The other drawback of uniformly increased network size is the dramatically increased use of computational resources. For example, in a deep vision network, if two convolutional layers are chained, any uniform increase in the number of their filters results in a quadratic increase of computation. 
#網路尺寸增加的另外一個缺點是計算資源消耗的大幅增長.舉個例子,在一個深度視覺網路中,如果兩個卷積層是相連的.它們中間任何濾波器數量的增長都會引起計算量以該數量的二次方增長.
If the added capacity is used inefficiently (for example, if most weights end up to be close to zero), then much of the computation is wasted. As the computational budget is always finite, an efficient distribution of computing resources is preferred to an indiscriminate increase of size, even when the main objective is to increase the quality of performance.

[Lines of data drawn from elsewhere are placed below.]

Lemma cop_capture n E k (c : nat -> nat) rb j :
  (j < k)%nat -> (rb < n)%nat -> E (c j) rb -> (forall i, (i < k)%nat -> (c i < n)%nat) ->
  CopTurn n E k c rb.
Proof.
  intros Hj Hrb Hadj Hc.
  apply ct_move with (c' := fun i => if Nat.eqb i j then rb else c i).
  - intros i Hi. destruct (Nat.eqb_spec i j) as [->|]; [tauto|auto].
  - apply rt_cap. exists j. rewrite Nat.eqb_refl. auto.
Qed.

Section Chase.
Variables (n : nat) (x : nat -> pt) (r s : R).
Hypothesis hx : forall i, (i < n)%nat -> in_unit_square (x i).
Hypothesis hM : condM n x r s.
Hypothesis Hr : 0 < r.
Hypothesis Hr_small : r <= 3/2.
Hypothesis Hs : 0 < s.
Hypothesis Hs_small : s <= r/1000000.

Definition cops_valid (c : nat -> nat) : Prop := (c 0%nat < n)%nat /\ (c 1%nat < n)%nat.

Lemma cops_valid_all c : cops_valid c -> forall i, (i < 2)%nat -> (c i < n)%nat.
Proof. intros [] i Hi. destruct i as [|[|]]; auto; lia. Qed.

Lemma chase_round eps c rb0 rb :
  cops_valid c -> (rb0 < n)%nat -> (rb < n)%nat -> in_ball (x rb0) r (x rb) ->
  s <= eps -> eps <= r/1000 -> good r s eps (x (c 0%nat)) (x (c 1%nat)) (x rb0) ->
  CopTurn n (geo_adj x r) 2 c rb \/
  exists i1 i2, (i1 < n)%nat /\ (i2 < n)%nat /\
    geo_adj x r (c 0%nat) i1 /\ geo_adj x r (c 1%nat) i2 /\
    good r s (eps + 2*s) (x i1) (x i2) (x rb) /\
    potential (eps + 2*s) (x i1) (x i2) (x rb) + r/4 <=
      potential eps (x (c 0%nat)) (x (c 1%nat)) (x rb0).
Proof.
  intros Hc Hrb0 Hrb Hmove Hse Her Hgood.
  assert (Hr0 : 0 <= r) by lra.
  destruct (Rle_dec (edist (x (c 0%nat)) (x rb)) r) as [Hadj|Hfar1].
  { left. apply (cop_capture _ _ _ _ _ 0); auto using cops_valid_all. }
  destruct (Rle_dec (edist (x (c 1%nat)) (x rb)) r) as [Hadj|Hfar2].
  { left. apply (cop_capture _ _ _ _ _ 1); auto using cops_valid_all. }
  right. destruct Hc as [Hc0 Hc1].
  apply (pair_step r s eps n x); auto.
  - rewrite sqd_sym. now apply in_ball_iff.
  - now apply sqd_of_not_in_ball.
  - now apply sqd_of_not_in_ball.
Qed.

(* With potential at most K r/4 and precision budget for K more rounds, the
   cops win: each round costs r/4 of potential and 2s of precision. *)
Lemma chase (K : nat) : forall eps c rb0 rb,
  cops_valid c -> (rb0 < n)%nat -> (rb < n)%nat -> in_ball (x rb0) r (x rb) ->
  s <= eps -> eps + 2*s*INR K <= r/1000 ->
  good r s eps (x (c 0%nat)) (x (c 1%nat)) (x rb0) ->
  potential eps (x (c 0%nat)) (x (c 1%nat)) (x rb0) <= INR K * (r/4) ->
  CopTurn n (geo_adj x r) 2 c rb.
Proof.
  induction K as [|K IH]; intros eps c rb0 rb Hc Hrb0 Hrb Hmove Hse Heps Hgood Hpot.
  - simpl in Heps, Hpot.
    destruct (chase_round eps c rb0 rb) as [Hwin|[i1 [i2 [Hi1 [Hi2 [_ [_ [_ Hpot']]]]]]]];
      auto; try lra.
    pose proof (potential_bounds (eps + 2*s) (x i1) (x i2) (x rb) (hx i1 Hi1) (hx i2 Hi2)).
    lra.
  - pose proof (pos_INR K). rewrite S_INR in *.
    destruct (chase_round eps c rb0 rb)
      as [Hwin|[i1 [i2 [Hi1 [Hi2 [B1 [B2 [Hgood' Hpot']]]]]]]]; auto; try nra.
    apply ct_move with (c' := fun j => if Nat.eqb j 0 then i1 else i2).
    + intros j Hj. destruct j as [|[|]]; simpl; [auto|auto|lia].
    + apply rt_move. intros rb' [Hrb' Hstep].
      apply (IH (eps + 2*s) _ rb); unfold cops_valid; simpl; auto; try lra.
      destruct Hstep as [->|Hstep]; [apply in_ball_center; lra|exact Hstep].
Qed.
End Chase.

Lemma nat_above t : 0 <= t -> exists K : nat, t <= INR K <= t + 1.
Proof.
  intros Ht. destruct (archimed t) as [H1 H2]. exists (Z.to_nat (up t)).
  rewrite INR_IZR_INZ, Z2Nat.id; [lra|]. apply le_IZR. lra.
Qed.

(* Since s < r^2/10^10, the precision grows by 2s per round and stays below
   r/1000 over the 24/r + 1 rounds needed to exhaust a potential of 6. *)
Lemma round_budget r s : 0 < r -> r <= 3/2 -> 0 < s -> s < r^2 / 10^10 ->
  exists K : nat, 6 <= INR K * (r/4) /\ s + 2*s*INR K <= r/1000.
Proof.
  intros Hr Hr32 Hs Hsr. destruct (nat_above (24/r)) as [K [HK1 HK2]].
  { apply Rlt_le, Rdiv_lt_0_compat; lra. }
  exists K. assert (Ht : 24 / r * r = 24) by (field; lra).
  assert (Hsr' : s * 10000000000 < r * r) by (simpl in Hsr; lra).
  split; [nra|].
  assert (Hst : s * (24 / r) * r < 24 * r * r / 10000000000) by (rewrite Rmult_assoc, Ht; nra).
  assert (s * (24 / r) < 24 * r / 10000000000) by nra.
  nra.
Qed.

#如果增加上的網路容量沒有被有效利用(例如,如果大多數權值都是接近零),那麼大多數計算都是浪費的.既然計算資源通常是有限的,計算資源的合理有效分佈是需要優先考慮的,以適應尺寸的任意增長,即使最主要的目標是提高網路的效能.
A fundamental way of solving both of these issues would be to introduce sparsity and replace the fully connected layers by the sparse ones, even inside the convolutions. Besides mimicking biological systems, this would also have the advantage of firmer theoretical underpinnings due to the groundbreaking work of Arora et al. [2].

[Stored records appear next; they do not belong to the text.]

Lemma wedge_op_lower_bound : exists2 al : R, 0 < al &
  forall z, K z -> K (fun S => B z S - al * supn z * p S).
Proof.
have [|al al0 Bz_al] :=
  uniform_margin p (@wedge_lip_gt0 R n j A) K_closed (wedge_op_lipschitz A).
  move=> z Kz z1; apply: B_interior Kz _ => z0.
  have : supn z <= 0 by apply: supn_le => // S; rewrite z0 normr0.
  by rewrite z1 ler10.
exists al => // z Kz; have [z0|z0] := eqVneq (supn z) 0.
  apply: (cone_eq (cone0 K_cone)) => S; rewrite z0 mulr0 mul0r subr0 wedge_op0 //.
  exact: supn_eq0.
have z_gt0 : 0 < supn z by rewrite lt_def z0 supn_ge0.
have Kz1 : K (fun S => (supn z)^-1 * z S).
  by apply: (cone_scale K_cone Kz (_ : 0 <= (supn z)^-1)); rewrite // invr_ge0 ltW.
have := Bz_al _ Kz1; rewrite supnZ gtr0_norm ?invr_gt0 // mulVf // wedge_opZ => Kal.
apply: (cone_scale K_cone (Kal erefl) (ltW z_gt0)) => S.
by rewrite mulrBr mulrA mulfV ?mul1r // mulrCA mulrA.
Qed.

(* [B z >= al |z| p] while [c B q <= |B q| p] and [|B q| <= L |q| <= 2 L |z|]. *)
Lemma wedge_op_dominates (al c eta : R) z q : 0 < al -> 0 < c ->
  (forall z, K z -> K (fun S => B z S - al * supn z * p S)) ->
  (forall y, K (fun S => supn y * p S - c * y S)) ->
  0 <= eta <= al * c / (2 * L) ->
  K z -> K q -> supn q <= 2 * supn z -> K (fun S => B z S - eta * B q S).
Proof.
move=> al0 c0 Bz_al dom /andP [eta0 eta_le] Kz Kq qz.
have L0 := @wedge_lip_gt0 R n j A.
have [z0|z0] := eqVneq (supn z) 0.
  have q0 : supn q = 0.
    by apply/eqP; rewrite eq_le supn_ge0 andbT; move: qz; rewrite z0 mulr0.
  apply: (cone_eq (cone0 K_cone)) => S.
  by rewrite !(@wedge_op0 _ _ _ A) ?mulr0 ?subr0 //; apply: supn_eq0.
have z_gt0 : 0 < supn z by rewrite lt_def z0 supn_ge0.
set m := supn z in qz z_gt0 *; set Bq := supn (B q).
have Bq_le : Bq <= 2 * L * m.
  apply: le_trans (supn_wedge_op q) _.
  have -> : 2 * L * m = L * (2 * m) by ring.
  by rewrite ler_pM2l.
have K1 : K (fun S => Bq * B z S - al * m * c * B q S).
  apply: (cone_comb K_cone (Bz_al _ Kz) (dom (B q)) (supn_ge0 (B q)) (_ : 0 <= al * m)).
    by rewrite mulr_ge0 // ltW.
  by move=> S; rewrite /Bq /m; ring.
have K2 : K (fun S => 2 * L * m * B z S - al * m * c * B q S).
  apply: (cone_comb K_cone K1 (wedge_op_cone Kz) ler01 (_ : 0 <= 2 * L * m - Bq)).
    by rewrite subr_ge0.
  by move=> S; ring.
have K3 : K (fun S => B z S - al * c / (2 * L) * B q S).
  apply: (cone_scale K_cone K2 (_ : 0 <= (2 * L * m)^-1)) => [|S].
    by rewrite invr_ge0 !mulr_ge0 // ltW.
  by field; rewrite ?gt_eqF //; lra.
apply: (cone_comb K_cone K3 (wedge_op_cone Kq) ler01 (_ : 0 <= al * c / (2 * L) - eta)).
  by rewrite subr_ge0.
by move=> S; ring.
Qed.

Definition wedge_op_contracts (eta : R) := forall z w, K z -> K w ->
  K (fun S => B z S - eta * B (fun T => z T + w T) S) \/
  K (fun S => B w S - eta * B (fun T => z T + w T) S).

Lemma exists_wedge_op_contracts : exists2 eta : R, 0 < eta <= 1 & wedge_op_contracts eta.
Proof.
have [al al0 Bz_al] := wedge_op_lower_bound.
have [c c0 dom] := winterior_dominates K_cone p_interior.
have L0 := @wedge_lip_gt0 R n j A.
pose eta := Num.min (al * c / (2 * L)) 1.
have eta0 : 0 < eta by rewrite lt_min ltr01 !divr_gt0 ?mulr_gt0.
have eta_dom : 0 <= eta <= al * c / (2 * L) by rewrite ltW // ge_min lexx.
exists eta; first by rewrite eta0 ge_min lexx orbT.
move=> z w Kz Kw; have Kzw : K (fun T => z T + w T).
  by apply: (cone_comb K_cone Kz Kw ler01 ler01) => S; rewrite !mul1r.
have zw := supnD z w.
have [wz|zw'] := leP (supn w) (supn z).
  by left; apply: (wedge_op_dominates al0 c0 Bz_al dom eta_dom) => //; lra.
by right; apply: (wedge_op_dominates al0 c0 Bz_al dom eta_dom) => //; lra.
Qed.

Lemma wedge_op_squeeze (eta a b : R) y q : wedge_op_contracts eta ->
  K (fun S => y S - a * q S) -> K (fun S => b * q S - y S) ->
  exists a' b' : R, [/\ b' - a' = (1 - eta) * (b - a),
    K (fun S => B y S - a' * B q S) & K (fun S => b' * B q S - B y S)].
Proof.
move=> contr Ky Kq.
have Bsum S : B (fun T => (b * q T - y T) + (y T - a * q T)) S = (b - a) * B q S.
  have -> : (fun T => (b * q T - y T) + (y T - a * q T)) =
      (fun T => (b - a) * q T - 0 * q T) by apply: funext => T; ring.
  by rewrite wedge_opB mul0r subr0.
have Bz S : B (fun T => b * q T - y T) S = b * B q S - B y S.
  have -> : (fun T => b * q T - y T) = (fun T => b * q T - 1 * y T).
    by apply: funext => T; rewrite mul1r.
  by rewrite wedge_opB mul1r.
have Bw S : B (fun T => y T - a * q T) S = B y S - a * B q S.
  have -> : (fun T => y T - a * q T) = (fun T => 1 * y T - a * q T).
    by apply: funext => T; rewrite mul1r.
  by rewrite wedge_opB mul1r.
case: (contr _ _ Kq Ky) => [Kl|Kr].
  exists a, (b - eta * (b - a)); split; first by ring.
    by apply: (cone_eq (wedge_op_cone Ky)) => S; rewrite Bw.
  by apply: (cone_eq Kl) => S; rewrite Bz Bsum; ring.
exists (a + eta * (b - a)), b; split; first by ring.
  by apply: (cone_eq Kr) => S; rewrite Bw Bsum; ring.
by apply: (cone_eq (wedge_op_cone Kq)) => S; rewrite Bz.
Qed.

Lemma iter_wedge_op_squeeze (eta a b : R) x : wedge_op_contracts eta ->
  K (fun S => x S - a * p S) -> K (fun S => b * p S - x S) ->
  forall k, exists a' b' : R, [/\ b' - a' = (1 - eta) ^+ k * (b - a),
    K (fun S => iter k B x S - a' * iter k B p S) &
    K (fun S => b' * iter k B p S - iter k B x S)].
Proof.
move=> contr Ka Kb; elim=> [|k [a' [b' [gap Ka' Kb']]]].
  by exists a, b; rewrite expr0 mul1r.
have [a'' [b'' [gap' Ka'' Kb'']]] := wedge_op_squeeze contr Ka' Kb'.
by exists a'', b''; rewrite exprS -mulrA -gap.
Qed.

Lemma iter_winterior k : winterior K (iter k B p).
Proof.
elim: k => //= k IH.
exact: B_interior (winterior_mem IH) (winterior_neq0 K_pointed S0 IH).
Qed.

Lemma iter_wedge_op_sum k (I : finType) (f : I -> wvec R n j) :
  iter k B (fun S => \sum_i f i S) = (fun S => \sum_i iter k B (f i) S).
Proof. by elim: k => //= k ->; rewrite wedge_op_sum. Qed.

Lemma simple_iter k v : simple_vec v -> simple_vec (iter k B v).
Proof. by move=> sv; elim: k => //= k IH; apply: simple_wedge_op. Qed.

Lemma exists_simple_interior (k0 : 'I_j) :
  exists v, [/\ winterior K v, simple_vec v & ~ (forall S, v S = 0)].
Proof.
have [eta /andP [eta0 eta1] contr] := exists_wedge_op_contracts.
pose x S : wvec R n j := fun T => if T == S then p S else 0.
have px : p = fun T => \sum_S x S T.
  by apply: funext => T; rewrite -big_mkcond (big_pred1 T) // => S; rewrite eq_sym.
have [a0 [b0 x_squeezed]] : exists a0 b0 : jsub n j -> R, forall S,
    K (fun T => x S T - a0 S * p T) /\ K (fun T => b0 S * p T - x S T).
  have [ab xab] := choice (fun S => winterior_squeeze K_cone (x S) p_interior).
  have [ab' xab'] := choice xab.
  by exists ab, ab'.
have [k gap_lt1] : exists k, (1 - eta) ^+ k * \sum_S (b0 S - a0 S) < 1.
  by apply: exists_expr_lt1; rewrite subr_ge0 eta1 ltrBlDr ltrDl.
have [ab Hab] := choice (fun S => iter_wedge_op_squeeze contr
  (x_squeezed S).1 (x_squeezed S).2 k).
have [ab' {}Hab] := choice Hab.
have [S aS_gt0] : exists S, 0 < ab S.
  apply: (exists_squeeze_lower_gt0 K_cone K_pointed S0 (iter_winterior k)
    (y := fun S => iter k B (x S)) (b := ab')).
  - by move=> T; rewrite {1}px iter_wedge_op_sum.
  - by move=> S; case: (Hab S).
  - by move=> S; case: (Hab S).
  - apply: le_lt_trans gap_lt1; rewrite mulr_sumr le_eqVlt; apply/orP; left.
    by apply/eqP/eq_bigr => S _; case: (Hab S).
have xS_interior : winterior K (iter k B (x S)).
  by apply: (winterior_above K_cone aS_gt0 (iter_winterior k)); case: (Hab S).
exists (iter k B (x S)); split=> //; first exact: simple_iter (simple_basis _ _ k0).
exact: (winterior_neq0 K_pointed S0 xS_interior).
Qed.

End Contraction.

Theorem corollary23 (R : realType) (n : nat)
  (K : forall j : nat, wvec R n j -> Prop) :
  STP_structure K ->
  forall j : nat, (2 <= j <= n)%N ->
  exists v : wvec R n j,
    [/\ winterior (K j) v, simple_vec v & ~ (forall S, v S = 0)].
Proof.
move=> [K_proper [A A_gstp]] j /andP [j2 jn].
have j_gt0 : (0 < j)%N by apply: leq_trans j2.
have j_range : (1 <= j <= n)%N by rewrite j_gt0 jn.
have [K_closed K_cone K_pointed [p p_interior]] := K_proper j j_range.
have first_j : #|[set widen_ord jn a | a : 'I_j]| == j.
  by rewrite card_imset ?card_ord // => a b /(congr1 val) ab; apply: val_inj.
pose S0 : jsub n j := exist (fun S : {set 'I_n} => #|S| == j) _ first_j.
exact: (exists_simple_interior K_closed K_cone K_pointed S0 (A_gstp j j_range)
  p_interior (Ordinal j_gt0)).
Qed.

#解決上述問題的一個基礎方案是引入稀疏,使用稀疏層替換全連線層,即使在卷積層內部.除了模仿生物系統,這個方案還有更加堅實的理論基礎.由於Arora et al[2]的開創性工作.
Their main result states that if the probability distribution of the dataset is representable by a large, very sparse deep neural network,then the optimal network topology can be constructed layer after layer by analyzing the correlation statistics of the preceding layer activations and clustering neurons with highly correlated outputs. Although the strict mathematical proof requires very strong conditions, the fact that this statement resonates with the well known Hebbian principle–neurons that fire together, wire together–suggests that the underlying idea is applicable even under less strict conditions, in practice.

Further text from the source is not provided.